L'équipe de France masculine d'épée, médaillée de bronze dimanche lors des Championnats du monde d'escrime à Budapest (Hongrie), a apporté la deuxième médaille au clan français, après celle d'argent obtenue par les Françaises au fleuret la veille. Mais elle éprouvait des regrets à l'issue de la compétition, tant le titre mondial lui tendait les bras.

Sacrés champions du monde sans discontinuité entre 2005 et 2011, les Français souhaitaient ardemment reconquérir un titre qui leur avait échappé l'an passé contre les Américains, alors que l'épreuve n'était pas présente aux Jeux de Londres. Cette médaille de bronze laisse quand même un goût amer, au regard de cette drôle de demi-finale contre l'Ukraine, une heure plus tôt. Dans une rencontre extrêmement tactique, avec des choix visant à abréger les assauts, prévus sur trois minutes mais souvent écourtés pour non-combativité, les Français se sont inclinés 17-15.
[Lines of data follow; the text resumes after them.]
(* Let $R$ be a unital associative simple algebra over an infinite field $F$ and let $p\in F[x]$ be a nonconstant polynomial. Then $$\mathrm{span}_F\{ab-ba\mid a,b\in R\}\subseteq \mathrm{span}_F\{p(ab)-p(ba)\mid a,b\in R\}.$$
   Context: $\mathrm{span}_F$ denotes the $F$-linear span. *)

From HB Require Import structures.
From mathcomp Require Import all_boot all_order all_algebra.
Set Implicit Arguments. Unset Strict Implicit. Unset Printing Implicit Defensive.
Import Order.TTheory GRing.Theory Num.Theory.
Local Open Scope ring_scope.

Definition infinite_field (F : fieldType) : Prop :=
  forall s : seq F, exists x : F, x \notin s.

Definition alg_ideal (F : fieldType) (R : algType F) (I : R -> Prop) : Prop :=
  [/\ I 0,
      (forall x y, I x -> I y -> I (x + y)),
      (forall (k : F) x, I x -> I (k *: x)),
      (forall r x, I x -> I (r * x)) &
      (forall r x, I x -> I (x * r))].

Definition simple_algebra (F : fieldType) (R : algType F) : Prop :=
  (1 : R) != 0 /\
  forall I : R -> Prop, alg_ideal I ->
    (forall x, I x -> x = 0) \/ (forall x, I x).

Definition span_F (F : fieldType) (R : algType F) (S : R -> Prop) : R -> Prop :=
  fun x => exists (n : nat) (c : 'I_n -> F) (v : 'I_n -> R),
    (forall i, S (v i)) /\ x = \sum_(i < n) c i *: v i.

(* Let V be the span of the p(ab) - p(ba).  Taking a = 1 + t x, b = y and
   reading off the coefficient of t (F is infinite) gives [x, p(y)] in V, so
   V is a Lie ideal and every p(y) lies in Herstein's T(V) = {x | [x, R] <= V}.
   If T(V) is not commutative, Herstein's argument in the simple algebra R
   gives [R, R] <= V.  Otherwise [p(y), [p(y), r]] = 0 for all r, so p(y)^2 is
   central; extracting coefficients of polynomials in t, first y^m
   (m = deg p^2) and then y^Q (Q the [char F]-part of m) is central for every
   y.  Then every nonzero element is invertible, and (ad a)^Q = ad (a^Q) = 0
   forces R to be commutative, so [R, R] = 0. *)

From mathcomp Require Import all_boot all_order all_algebra.
From Stdlib Require Import Classical.
Set Implicit Arguments. Unset Strict Implicit. Unset Printing Implicit Defensive.
Import GRing.Theory.
Local Open Scope ring_scope.

(** * Subspaces and coefficient extraction *)

Section Subspace.
Variables (F : fieldType) (V : lmodType F).

Definition subspace (P : V -> Prop) : Prop :=
  [/\ P 0, forall x y, P x -> P y -> P (x + y) & forall (k : F) x, P x -> P (k *: x)].

Variables (P : V -> Prop) (subP : subspace P).

Lemma subspace0 : P 0. Proof. by case: subP. Qed.

Lemma subspaceD x y : P x -> P y -> P (x + y). Proof. by case: subP => _ + _; apply. Qed.

Lemma subspaceZ k x : P x -> P (k *: x). Proof. by case: subP => _ _; apply. Qed.

Lemma subspaceN x : P x -> P (- x).
Proof. by rewrite -scaleN1r; apply: subspaceZ. Qed.

Lemma subspaceB x y : P x -> P y -> P (x - y).
Proof. by move=> Px /subspaceN; apply: subspaceD. Qed.

Lemma subspace_sum I r (Q : pred I) (f : I -> V) :
  (forall i, Q i -> P (f i)) -> P (\sum_(i <- r | Q i) f i).
Proof. by move=> Pf; apply: big_ind => //; [apply: subspace0 | apply: subspaceD]. Qed.

End Subspace.

Section Span.
Variables (F : fieldType) (R : algType F) (S : R -> Prop).

Lemma subspace_span_F : subspace (span_F S).
Proof.
split.
- by exists 0%N, (fun _ => 0), (fun _ => 0); split => [[]//|]; rewrite big_ord0.
- move=> _ _ [n1 [c1 [v1 [Sv1 ->]]]] [n2 [c2 [v2 [Sv2 ->]]]].
  pose glue T (f1 : 'I_n1 -> T) (f2 : 'I_n2 -> T) i :=
    match split i with inl j => f1 j | inr j => f2 j end.
  exists (n1 + n2)%N, (glue _ c1 c2), (glue _ v1 v2); split.
    by move=> i; rewrite /glue; case: (split i).
  by rewrite big_split_ord /glue; congr (_ + _); apply: eq_bigr => i _;
    [rewrite (unsplitK (inl i)) | rewrite (unsplitK (inr i))].
- move=> k _ [n [c [v [Sv ->]]]]; exists n, (fun i => k * c i), v; split => //.
  by rewrite scaler_sumr; apply: eq_bigr => i _; rewrite scalerA.
Qed.

Lemma mem_span_F x : S x -> span_F S x.
Proof.
by move=> Sx; exists 1%N, (fun _ => 1), (fun _ => x); split=> //; rewrite big_ord1 scale1r.
Qed.

Lemma span_F_min (P : R -> Prop) :
  subspace P -> (forall x, S x -> P x) -> forall x, span_F S x -> P x.
Proof.
move=> subP SP _ [n [c [v [Sv ->]]]].
by apply: subspace_sum => // i _; apply: subspaceZ => //; apply: SP.
Qed.

End Span.

Lemma infinite_field_uniq_seq (F : fieldType) n :
  infinite_field F -> exists s : seq F, size s = n /\ uniq s.
Proof.
move=> infF; elim: n => [|n [s [<- uniq_s]]]; first by exists [::].
by have [x x_s] := infF s; exists (x :: s); rewrite /= x_s.
Qed.

(* A polynomial of size n is recovered from its values at n distinct scalars
   by inverting a Vandermonde matrix. *)
Lemma subspace_coef_of_evals (F : fieldType) (R : algType F) (P : R -> Prop)
    (G : {poly R}) :
  infinite_field F -> subspace P -> (forall t : F, P G.[t%:A]) -> forall i, P G`_i.
Proof.
move=> infF subP PG i; set n := size G.
have [lt_in | ?] := ltnP i n; last by rewrite nth_default //; apply: subspace0.
have [s [size_s uniq_s]] := infinite_field_uniq_seq n infF.
pose V := Vandermonde n (\row_(j < n) s`_j); pose i' := Ordinal lt_in.
have V_unit : V \in unitmx.
  rewrite unitmxE unitfE det_Vandermonde; apply/prodf_neq0 => j _.
  apply/prodf_neq0 => k lt_jk; rewrite !mxE subr_eq0 nth_uniq ?size_s //.
  by apply: contraTneq lt_jk => /val_inj ->; rewrite ltnn.
have evalG (j : 'I_n) : G.[(s`_j)%:A] = \sum_(l < n) V l j *: G`_l.
  rewrite horner_coef; apply: eq_bigr => l _.
  by rewrite -(rmorphXn (in_alg R)) /= mulr_algr !mxE.
have VinvV (l : 'I_n) : \sum_(j < n) invmx V j i' * V l j = (l == i')%:R.
  have := congr1 (fun M : 'M[F]_n => M l i') (mulmxV V_unit); rewrite !mxE => <-.
  by apply: eq_bigr => j _; rewrite mulrC.
have -> : G`_i = \sum_(j < n) invmx V j i' *: G.[(s`_j)%:A].
  under eq_bigr do rewrite evalG scaler_sumr.
  under eq_bigr do under eq_bigr do rewrite scalerA.
  rewrite exchange_big /=; under eq_bigr do rewrite -scaler_suml VinvV.
  rewrite (bigD1 i') //= eqxx scale1r big1 ?addr0 // => l /negPf neq_li.
  by rewrite neq_li scale0r.
by apply: subspace_sum => // j _; apply: subspaceZ.
Qed.

Lemma horner_algE (F : fieldType) (R : algType F) (p : {poly F}) (z : R) :
  horner_alg z p = \sum_(i < size p) p`_i *: z ^+ i.
Proof.
rewrite /horner_alg /horner_morph (@horner_coef_wide _ (size p)) ?size_poly //.
apply: eq_bigr => i _; rewrite coef_map_id0 /= ?scale0r //.
by rewrite -scalerAl mul1r.
Qed.

Lemma comm_poly_alg (F : fieldType) (R : algType F) (G : {poly R}) (t : F) :
  comm_poly G t%:A.
Proof. by rewrite /comm_poly mulr_algl mulr_algr. Qed.

Lemma coef_exp_1DXnC (R : nzRingType) (c : R) Q n : (0 < Q)%N ->
  ((1 + 'X^Q * c%:P) ^+ n)`_0 = 1 /\ ((1 + 'X^Q * c%:P) ^+ n)`_Q = c *+ n.
Proof.
move=> Q_gt0; elim: n => [|n [IH0 IHQ]]; first by rewrite !coef1 eqxx gtn_eqF.
rewrite exprSr; set P := _ ^+ n in IH0 IHQ *.
rewrite mulrDr mulr1 mulrA (commr_polyXn P Q) -mulrA !coefD !coefXnM.
by rewrite Q_gt0 ltnn subnn coefMC IH0 IHQ mul1r addr0 mulrSr.
Qed.

(** * Lie ideals of a simple algebra *)

Section Bracket.
Variable R : pzRingType.
Implicit Types a b r s x y : R.

Definition lie x y := x * y - y * x.

Lemma lie_eq0 x y : (lie x y == 0) = (x * y == y * x).
Proof. exact: subr_eq0. Qed.

Lemma lier0 x : lie x 0 = 0.
Proof. by rewrite /lie mulr0 mul0r subrr. Qed.

Lemma lieC x y : lie x y = - lie y x.
Proof. by rewrite /lie opprB. Qed.

Lemma lieD a x y : lie a (x + y) = lie a x + lie a y.
Proof. by rewrite /lie mulrDr mulrDl opprD addrACA. Qed.

Lemma lieN a x : lie a (- x) = - lie a x.
Proof. by rewrite /lie mulrN mulNr opprK opprB addrC. Qed.

Lemma lieB a x y : lie a (x - y) = lie a x - lie a y.
Proof. by rewrite lieD lieN. Qed.

Lemma lieMr a x y : lie a (x * y) = lie a x * y + x * lie a y.
Proof. by rewrite /lie mulrBl mulrBr !mulrA addrA subrK. Qed.

Lemma lieMl a b r : lie (a * b) r = lie a (b * r) + lie b (r * a).
Proof. by rewrite /lie !mulrA addrA subrK. Qed.

Lemma lie_jacobi a s r : lie a (lie s r) = lie (lie a s) r + lie s (lie a r).
Proof.
rewrite {1}[lie s r]/lie lieB !lieMr; set u := lie a s; set w := lie a r.
by rewrite /lie opprD (addrC (- (w * s))) addrACA.
Qed.

End Bracket.

Lemma lieZ (F : fieldType) (R : algType F) (k : F) (a x : R) :
  lie a (k *: x) = k *: lie a x.
Proof. by rewrite /lie -scalerAr -scalerAl scalerBr. Qed.

Section SimpleAlgebra.
Variables (F : fieldType) (R : algType F).

Definition ideal_core (P : R -> Prop) (x : R) : Prop := forall s r, P (s * x * r).

Lemma alg_ideal_core P : subspace P -> alg_ideal (ideal_core P).
Proof.
move=> subP; split.
- by move=> s r; rewrite mulr0 mul0r; apply: subspace0.
- by move=> x y Px Py s r; rewrite mulrDr mulrDl; apply: subspaceD.
- by move=> k x Px s r; rewrite -scalerAr -scalerAl; apply: subspaceZ.
- by move=> r x Px s r'; rewrite mulrA.
- by move=> r x Px s r'; rewrite mulrA -(mulrA (s * x)).
Qed.

Hypothesis simpleR : simple_algebra R.

Lemma simple_ideal_total (I : R -> Prop) c :
  alg_ideal I -> I c -> c != 0 -> forall x, I x.
Proof. by move=> idI Ic; have [/(_ c Ic) -> | //] := simpleR.2 I idI; rewrite eqxx. Qed.

Lemma simple_algebra_prime (u v : R) : (forall s, u * s * v = 0) -> u = 0 \/ v = 0.
Proof.
move=> usv; have [-> | nz_u] := eqVneq u 0; [by left | right].
have subP : subspace (fun y : R => y * v = 0).
  split=> [|x y xv yv|k x xv]; first exact: mul0r.
    by rewrite mulrDl xv yv addr0.
  by rewrite -scalerAl xv scaler0.
have core_u : ideal_core (fun y => y * v = 0) u.
  by move=> s r; rewrite -!mulrA (mulrA u) usv mulr0.
by have := simple_ideal_total (alg_ideal_core subP) core_u nz_u 1 1 1; rewrite !mul1r.
Qed.

End SimpleAlgebra.

Section LieIdeal.
Variables (F : fieldType) (R : algType F).

Definition lie_ideal (V : R -> Prop) : Prop := subspace V /\ forall z v, V v -> V (lie z v).

Definition lie_idealizer (V : R -> Prop) (x : R) : Prop := forall r, V (lie x r).

Variable V : R -> Prop.
Hypotheses (subV : subspace V) (lieV : forall z v, V v -> V (lie z v)).
Local Notation T := (lie_idealizer V).

Lemma subspace_lie_idealizer : subspace T.
Proof.
split.
- by move=> r; rewrite lieC lier0 oppr0; apply: subspace0.
- by move=> x y Tx Ty r; rewrite lieC lieD opprD -!lieC; apply: subspaceD.
- by move=> k x Tx r; rewrite lieC lieZ -scalerN -lieC; apply: subspaceZ.
Qed.

Lemma lie_idealizerM a b : T a -> T b -> T (a * b).
Proof. by move=> Ta Tb r; rewrite lieMl; exact: subspaceD. Qed.

Lemma lie_idealizer_lie a s : T a -> T (lie a s).
Proof.
move=> Ta r; rewrite -(addrK (lie s (lie a r)) (lie (lie a s) r)) -lie_jacobi.
by apply: subspaceB => //; apply: lieV.
Qed.

Lemma lie_ideal_commutators a b :
  simple_algebra R -> T a -> T b -> lie a b != 0 -> forall x y, V (lie x y).
Proof.
move=> simpleR Ta Tb nz_ab; set c := lie a b in nz_ab *.
have subT := subspace_lie_idealizer.
have Tcr r : T (c * r).
  have -> : c * r = lie a (b * r) - b * lie a r by rewrite lieMr addrK.
  apply: (subspaceB subT); first exact: lie_idealizer_lie.
  exact/lie_idealizerM/lie_idealizer_lie.
have core_c : ideal_core T c.
  move=> s r; have -> : s * c * r = c * (r * s) - lie (c * r) s.
    by rewrite /lie opprB !mulrA addrC subrK.
  by apply: (subspaceB subT); [apply: Tcr | apply/lie_idealizer_lie/Tcr].
move=> x y; have := simple_ideal_total simpleR (alg_ideal_core subT) core_c nz_ab 1 x 1 y.
by rewrite !mulr1.
Qed.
«Je prends le relais à +2, il faut prendre des décisions, et je décide de ne pas tirer, a expliqué Daniel Jérent, benjamin de l'équipe (22 ans) à l'issue de la journée. «Le titre, je ne sais pas si on l'aurait gagné, mais la finale était à portée», a-t-il déploré. On arrive à accrocher sur la fin une médaille, ce n'est pas la plus belle, mais c'est quand même une médaille.»

A l'issue de cette défaite en demi-finale, les Français se sont bien repris dans le match pour la troisième place. Ils ont nettement dominé la Pologne 45-35.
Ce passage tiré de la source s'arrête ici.